The Court notes that the section 11 claims of the plaintiffs still remain and that ultimately the plaintiffs would have had to make a choice between their section 11 and section 12 claims. See In re Itel Securities Litigation, 89 F.R.D. 104, 115 (N.D.Cal. 1981); In re the Gap Stores Securities Litigation, 79 F.R.D. 283, 307 (N.D.Cal. 1978); III L. Loss, Securities Regulation 1700 n. 46 (2d ed. 1960).

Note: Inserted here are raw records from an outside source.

Section FiniteRestriction.
Variables (R : realType) (d : nat) (n : 'I_d -> nat).
Implicit Types (f g : bvec R n -> \bar R) (A X : set (bvec R n)) (z s : bvec R n).

Lemma interior_subset A : interior A `<=` A.
Proof. by move=> z [e e_gt0]; apply; rewrite bsqnorm_bsubxx exprn_gt0. Qed.

Lemma proper_fin_num f z : proper_fun f -> dom f z -> f z \is a fin_num.
Proof. by move=> [f_ninfty _] fz; rewrite fin_numE f_ninfty. Qed.

Lemma interior_dom_fin_num f g z : proper_fun f -> proper_fun g ->
  interior (dom f `&` dom g) z -> f z \is a fin_num /\ g z \is a fin_num.
Proof. by move=> f_prop g_prop /interior_subset[fz gz]; split; apply: proper_fin_num. Qed.

Lemma convex_fun_strongly0 f : convex_fun f -> strongly_convex_fun 0 f.
Proof. by move=> f_cvx z w t t01; rewrite !mul0r sube0; apply: f_cvx. Qed.

Variables (X : set (bvec R n)) (f : bvec R n -> \bar R).
Hypothesis f_fin : forall z, X z -> f z \is a fin_num.

Lemma fine_strongly_convex_on mu : convex_bset X -> strongly_convex_fun mu f ->
  strongly_convex_on X mu (fun z => fine (f z)).
Proof.
move=> X_cvx f_cvx z w t Xz Xw t01; have := f_cvx z w t t01.
rewrite -[f z](fineK (f_fin Xz)) -[f w](fineK (f_fin Xw)).
rewrite -[f (badd _ _)](fineK (f_fin (X_cvx _ _ _ Xz Xw t01))) /=.
by rewrite -!EFinM -!EFinD lee_fin.
Qed.

Lemma fine_subgrad_on z s : X z -> is_subgrad f z s -> subgrad_on X (fun z => fine (f z)) z s.
Proof.
move=> Xz f_sub w Xw; have := f_sub w.
by rewrite -[f z](fineK (f_fin Xz)) -[f w](fineK (f_fin Xw)) /= -EFinD lee_fin.
Qed.
(* For all integers $a,b\ge1$, \[ 1+\frac{(2^a-1)(2^b-1)}{(2^{\gcd(a,b)}-1)\,2^{(a+b)/2}}>2^{(a+b)/2-\gcd(a,b)}. \] *)

From Stdlib Require Import Reals Arith.

(* Put X = 2^a, Y = 2^b, D = 2^gcd(a,b) and S = 2^((a+b)/2), so that S^2 = XY and
   2 <= D <= X, Y.  Clearing the denominator D (D - 1) S, the inequality becomes
   D (D - 1) S + D (X - 1) (Y - 1) > (D - 1) X Y, and the difference of the two
   sides is D (D - 1) (S - 1) + (X - D) (Y - D), which is positive. *)

From Stdlib Require Import Reals Arith Lra Psatz.
Open Scope R_scope.

Lemma gcd_between_1_l (a b : nat) : (1 <= a)%nat -> (1 <= Nat.gcd a b <= a)%nat.
Proof.
  intros ha; split.
  - destruct (Nat.gcd a b) eqn:E; [|lia].
    apply Nat.gcd_eq_0_l in E; lia.
  - apply Nat.divide_pos_le; [lia|apply Nat.gcd_divide_l].
Qed.

Lemma Rpower_half_mul_self (x : R) (n : nat) :
  0 < x -> Rpower x (INR n / 2) * Rpower x (INR n / 2) = x ^ n.
Proof.
  intros hx; rewrite <- Rpower_plus, <- Rpower_pow by exact hx.
  f_equal; lra.
Qed.

Lemma Rpower_minus_INR (x y : R) (n : nat) :
  0 < x -> Rpower x (y - INR n) = Rpower x y / x ^ n.
Proof.
  intros hx; unfold Rminus, Rdiv.
  now rewrite Rpower_plus, Rpower_Ropp, Rpower_pow.
Qed.

Lemma Rpower_gt_1 (x y : R) : 1 < x -> 0 < y -> 1 < Rpower x y.
Proof.
  intros hx hy; rewrite <- (Rpower_O x) by lra.
  now apply Rpower_lt.
Qed.

Lemma sqrt_prod_div_lt (X Y D S : R) :
  1 < D -> D <= X -> D <= Y -> 1 < S -> S * S = X * Y ->
  S / D < 1 + (X - 1) * (Y - 1) / ((D - 1) * S).
Proof.
  intros hD hX hY hS hSS.
  assert (hscale : 0 < D * (D - 1) * S) by (apply Rmult_lt_0_compat; nra).
  apply (Rmult_lt_reg_r (D * (D - 1) * S)); [exact hscale|].
  replace (S / D * (D * (D - 1) * S)) with ((D - 1) * (X * Y))
    by (rewrite <- hSS; field; lra).
  replace ((1 + (X - 1) * (Y - 1) / ((D - 1) * S)) * (D * (D - 1) * S))
    with (D * (D - 1) * S + D * (X - 1) * (Y - 1)) by (field; lra).
  assert (hgap : D * (D - 1) * S + D * (X - 1) * (Y - 1) - (D - 1) * (X * Y)
                 = D * (D - 1) * (S - 1) + (X - D) * (Y - D)) by ring.
  assert (0 < D * (D - 1) * (S - 1)) by (apply Rmult_lt_0_compat; nra).
  assert (0 <= (X - D) * (Y - D)) by (apply Rmult_le_pos; lra).
  lra.
Qed.

Theorem lemma3 (a b : nat) (ha : (1 <= a)%nat) (hb : (1 <= b)%nat) :
  1 + ((2 ^ a - 1) * (2 ^ b - 1)) /
        ((2 ^ (Nat.gcd a b) - 1) * Rpower 2 (INR (a + b) / 2))
  > Rpower 2 (INR (a + b) / 2 - INR (Nat.gcd a b)).
Proof.
  destruct (gcd_between_1_l a b ha) as [hd1 hda].
  assert (hdb : (Nat.gcd a b <= b)%nat).
  { rewrite Nat.gcd_comm; apply gcd_between_1_l, hb. }
  rewrite Rpower_minus_INR by lra.
  apply Rlt_gt, sqrt_prod_div_lt.
  - apply Rlt_le_trans with (2 ^ 1); [lra|apply Rle_pow; lra || lia].
  - apply Rle_pow; lra || lia.
  - apply Rle_pow; lra || lia.
  - apply Rpower_gt_1; [lra|].
    apply Rdiv_lt_0_compat; [apply lt_0_INR; lia|lra].
  - now rewrite Rpower_half_mul_self, pow_add by lra.
Qed.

As is usually done by a purchaser of securities allegedly defrauded by the selling prospectus, the plaintiffs alleged both section 11 and section 12(2) claims. Ultimately, however, a choice between the two must be made because the remedies of section 11 and section 12 are not cumulative. Id. "The purchaser of a registered security, whether from the issuer directly or from an underwriter or dealer, presumably cannot rescind the transaction under § 12(2) and at the same time retain his status as a security holder in order to sue for damages under § 11." III L. Loss, supra, at 1700 n. 46.